I am working on a small REST service that handles some data and persists it (currently Oracle, working on adding caching).
We are starting to work with consumer driven contracts using the Spring Cloud Contract framework. We are having trouble defining one contract for how we intend to implement the service.
We have a PUT endpoint that takes an input field in the body, which is the primary key in our persistence. In our service, we look that field up in the DB, and if it's there, we want to return the existing data from the DB with a 200 status code, signifying that no new record was added. If that value is not yet in the DB, then we have some logic to generate data for it and insert the data in the DB. We then want to return 201 to signify that data was created.
We have a working contract for the 201 case, because when the generated JUnits run, no data exists and it returns 201. But our consumer also wants a contract for the 200 scenario.
Is there a good way to have the contract execute the same call twice so that we can produce both cases?
Our contract looks like this (stripped down but essentially the same):
Contract.make {
name("givenValidInputs_returnDataAndCreatedStatus")
request {
method 'PUT'
url "/path/to/resource"
headers {
contentType("application/json")
}
body(
"primaryKey": $(p('1234567890123456'), c(regex('^[0-9]+$')))
)
}
response {
status 201
body(
"generatedValue": $(p(regex('^[0-9a-zA-Z]+$')), c('abc123'))
)
}
}
Contract tests are designed to test the technical handshake of an endpoint. It is not supposed to be used to test (stateful) behavior. The difference in http codes between a 200 and a 201 could be considered an edge case but is, in my opnion a semantic one.

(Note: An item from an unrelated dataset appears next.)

(* Let $k\geq1$ and $0\leq s,t\leq k-1$, with $\lambda^{\pm}_{s,t}\neq 3$ for the sign considered. Then $u^{\pm}_{s,t}\equiv 0$ on $P(k)$ if and only if $u^{\pm}_{s,t}$ is one of: $u^{+}_{s,k-s}$ or $u^{+}_{k-s,s}$ for $1\leq s<k/3$; $u^{-}_{s,k-s}$ for $k/3<s<2k/3$; $u^{+}_{s,2s}$ or $u^{+}_{2s,s}$ for $0\leq s<k/3$; $u^{-}_{s,2s}$ or $u^{-}_{2s,s}$ for $k/3<s<k/2$; $u^{-}_{s,2s-k}$ or $u^{-}_{2s-k,s}$ for $k/2\leq s<2k/3$; $u^{+}_{s,2s-k}$ or $u^{+}_{2s-k,s}$ for $2k/3<s\leq k-1$. Moreover, $w^{\pm}_{s,t}\equiv0$ on $P(k)$ if and only if $w^{\pm}_{s,t}$ is one of: $w^{\pm}_{s,0}$ or $w^{\pm}_{0,t}$ for $0\leq s,t\leq k-1$; $w^{\pm}_{s,s}$ for $0\leq s\leq k-1$; $w^{+}_{s,k-s}$ or $w^{+}_{k-s,s}$ for $1\leq s<k/3$; $w^{-}_{s,k-s}$ for $k/3<s<2k/3$; $w^{+}_{s,2s}$ or $w^{+}_{2s,s}$ for $0\leq s<k/3$; $w^{-}_{s,2s}$ or $w^{-}_{2s,s}$ for $k/3<s<k/2$; $w^{-}_{s,2s-k}$ or $w^{-}_{2s-k,s}$ for $k/2\leq s<2k/3$; $w^{+}_{s,2s-k}$ or $w^{+}_{2s-k,s}$ for $2k/3<s\leq k-1$.
   Context: Let $\omega=e^{\pi i/3}$, $\mathrm{M}=(1+\omega)/3$, and $P(k)=\{a+b\omega:0\leq a,b\leq k-1\}\cup\{\mathrm{M}+a+b\omega:0\leq a,b\leq k-1\}$, with $a,b$ read modulo $k$. The hexagonal torus $T(k)$ has vertex set $P(k)$, each $a+b\omega$ being adjacent to $\mathrm{M}+a+b\omega$, $\mathrm{M}+(a-1)+b\omega$ and $\mathrm{M}+a+(b-1)\omega$ (indices mod $k$). For $0\leq s,t\leq k-1$ put $$\lambda^{\pm}_{s,t}=3\pm\sqrt{3+2\cos\tfrac{2\pi s}{k}+2\cos\tfrac{2\pi t}{k}+2\cos\tfrac{2\pi(s-t)}{k}},$$ and, when $\lambda^{\pm}_{s,t}\neq3$, define $v^{\pm}_{s,t}\colon P(k)\to\mathbb{C}$ by $v^{\pm}_{s,t}(a+b\omega)=e^{2\pi i(sa+tb)/k}$ and $v^{\pm}_{s,t}(\mathrm{M}+a+b\omega)=\frac{1}{3-\lambda^{\pm}_{s,t}}\,e^{2\pi i(sa+tb)/k}(1+e^{2\pi is/k}+e^{2\pi it/k})$; these are Laplacian eigenfunctions of $T(k)$ with eigenvalue $\lambda^{\pm}_{s,t}$. Let $D_6$ be the group of automorphisms of $T(k)$ generated by (indices mod $k$) the rotation $a+b\omega\mapsto (k-a-b-1)+a\omega$, $\mathrm{M}+a+b\omega\mapsto\mathrm{M}+(k-a-b-2)+a\omega$; the reflection $\rho_1$: $a+b\omega\mapsto b+a\omega$, $\mathrm{M}+a+b\omega\mapsto\mathrm{M}+b+a\omega$; and the reflection $\rho_2$: $a+b\omega\mapsto\mathrm{M}+(k-b-1)+(k-a-1)\omega$, $\mathrm{M}+a+b\omega\mapsto(k-b-1)+(k-a-1)\omega$. Let $\mathrm{sgn}\colon D_6\to\{\pm1\}$ be the homomorphism sending the rotation and $\rho_2$ to $+1$ and $\rho_1$ to $-1$ (the parity of the number of $\rho_1$'s in a word for $\sigma$). With $(\sigma f)(x)=f(\sigma x)$, set $u^{\pm}_{s,t}=\sum_{\sigma\in D_6}\sigma v^{\pm}_{s,t}$ and $w^{\pm}_{s,t}=\sum_{\sigma\in D_6}\mathrm{sgn}(\sigma)\,\sigma v^{\pm}_{s,t}$, functions on $P(k)$. *)

From Stdlib Require Import Reals ZArith List.
From Coquelicot Require Import Coquelicot.
Open Scope R_scope.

So I agree with Marcin Grzejszczak that you should mock the service. With that mocked service you can then mock the behavior if you really insist on having a contract definition for the specific http code.
Other than scenarios, you could specify a specific primary key that will represent that "already exists" situation. The only problem is that when the consumer provides "99999999" when it calls the stub, it would match on both contracts (as this value also matches the provided regex in the 201 contract).
If you simply add "priority: 1" to the contract though, the 200 contract would get precedence over the 201 contract when the specific property is provided.
Contract.make {
name("when put existing, expect 200")
request {
method 'PUT'
url "/path/to/resource"
headers {
contentType("application/json")
}
body(
"primaryKey": "99999999"
)
}
response {
status 200
body(
"generatedValue": $(p(regex('^[0-9a-zA-Z]+$')), c('abc123'))
)
}
priority 1
}
On the producer side, you will have to mock your service to respond correctly when the "99999999" value is supplied.
I dont think I would personally include this http code in contract tests as it represents stateful behavior and is thus semantic and not a technical connection requirement in my opinion. On both sides I would test the behavior of the given situation in a non-integration unit test. Though it is sometimes hard to seperate syntatic from semantic in these kind of situations.